Did Fed Chair Janet Yellen catch something biotech's top analyst missed?
As a companion to Congressional testimony earlier this week, the Yellen-led Fed opined on stock valuations.
"Valuation metrics in some sectors do appear substantially stretched—particularly those for smaller firms in the social media and biotechnology industries, despite a notable downturn in equity prices for such firms early in the year," a report said.
But a top-ranked biotech analyst took issue with the Federal Reserve's views.
"When I look at P/E ratios in biotech, I'm really asking the question, 'Are we in a bubble?' 'cause I think what the Fed perhaps – and I'm not a Fed observer – but I'm told what the Fed is looking for perhaps is signs of bubble," ISI Group's Mark Schoenbaum said Friday on CNBC's "Halftime Report."
"And on that, according to my data, I would argue that the answer is clearly no. Now, is biotech cheap? Is it a real steal here? That's a totally different debate."
Schoenbaum, named the No. 1 analyst in the biotech sector for the past nine years by Institutional Investor, published an analyst note that resembled an open letter to the Fed chair.
In it, he wrote: "Dr. Yellen — Thank you for sharing your thoughts recently on the biotech sector. … You stated that biotechnology valuations are 'stretched, with ratios of prices to forward earnings remaining high relative to historical norms.'"

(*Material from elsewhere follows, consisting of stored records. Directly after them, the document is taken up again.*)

(* Let $d\ge 2$, $n\ge1$, $0\le k<n$ be integers. The number $N(n,k,d)$ of $[[n,k]]_d$ stabilizer codes equals $$N(n,k,d)=\frac{|\mathrm{Sp}(2n,\mathbb{Z}_d)|}{|T(n,k,d)|},$$ where $T(n,k,d)$ is the set of all $M\in\mathrm{Sp}(2n,\mathbb{Z}_d)$ which, in block form with respect to the partition of rows and columns into consecutive blocks of sizes $(n-k,k,n-k,k)$, have the form $$M=\begin{pmatrix}(A^T)^{-1}&0&0&0\\ M_{21}&M_{22}&0&M_{24}\\ M_{31}&M_{32}&A&M_{34}\\ M_{41}&M_{42}&0&M_{44}\end{pmatrix}$$ with $A\in\mathrm{GL}(n-k,\mathbb{Z}_d)$ and the other blocks arbitrary (for $k=0$: $M=\begin{pmatrix}(A^T)^{-1}&0\\ M_{31}&A\end{pmatrix}$).
   Context: $\mathbb{Z}_d$ is the ring of integers mod $d$; $\Lambda=\begin{pmatrix}0&I_n\\-I_n&0\end{pmatrix}$, $\mathrm{Sp}(2n,\mathbb{Z}_d)=\{M\in M_{2n}(\mathbb{Z}_d):M^T\Lambda M=\Lambda\}$. Vectors $a_1,\dots,a_m\in\mathbb{Z}_d^{N}$ are linearly independent if $\sum_i x_ia_i=0$ with $x_i\in\mathbb{Z}_d$ forces all $x_i=0$. Qudits: on $\mathbb{C}^d$ with orthonormal basis $\{|j\rangle\}_{j\in\mathbb{Z}_d}$ let $X|j\rangle=|j+1\rangle$, $Z|j\rangle=\omega^j|j\rangle$, $\omega=e^{2\pi i/d}$. The $n$-qudit Pauli group $\mathcal{P}_n$ is generated by the operators $X_j,Z_j$ (acting as $X$, resp. $Z$, on the $j$-th tensor factor of $(\mathbb{C}^d)^{\otimes n}$), together with $e^{\pi i/d}I$ when $d$ is even. Every element of $\mathcal{P}_n$ is a phase times $g(a)=X^{u_1}Z^{v_1}\otimes\cdots\otimes X^{u_n}Z^{v_n}$ for a unique $a=(u,v)\in\mathbb{Z}_d^{2n}$, and $g(a),g(b)$ commute iff $a^T\Lambda b=0$. An $[[n,k]]_d$ stabilizer group is $S=\langle g_1,\dots,g_{n-k}\rangle$ with $g_j\in\mathcal{P}_n$ pairwise commuting, each having $+1$ as an eigenvalue, and $|S|=d^{n-k}$; its code space is $\mathcal{C}(S)=\{\psi: g\psi=\psi\ \forall g\in S\}$, of dimension $d^k$. Writing $g_j$ as a phase times $g(a_j)$, the check matrix is the $2n\times(n-k)$ matrix $H=[a_1|\cdots|a_{n-k}]$; its columns are linearly independent and satisfy $a_i^T\Lambda a_j=0$. Two stabilizer groups define the same $[[n,k]]_d$ stabilizer code iff their check matrices satisfy $H'=HA$ for some $A\in\mathrm{GL}(n-k,\mathbb{Z}_d)$ (in particular, stabilizer groups differing only by phases of the generators define the same code); equivalently, a code is determined by the subgroup of $\mathbb{Z}_d^{2n}$ spanned by the columns of its check matrix, i.e. by the span of $n-k$ linearly independent, pairwise symplectically orthogonal vectors of $\mathbb{Z}_d^{2n}$. *)

From mathcomp Require Import all_boot all_order all_algebra.
Set Implicit Arguments. Unset Strict Implicit. Unset Printing Implicit Defensive.
Import GRing.Theory.
Local Open Scope ring_scope.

As evidence, Schoenbaum included Russell 1000 data from biotech stocks dating back to 1978, "and my data show that the current ratio is roughly in line with the historical median and is approximately 40% below the peak.
"Please tell me what I'm missing, Dr. Yellen," he wrote.
Schoenbaum added that he had a "great deal of respect" for Yellen.
"However, we have a different view, perhaps, of the data on price-to-earnings ratios," he said.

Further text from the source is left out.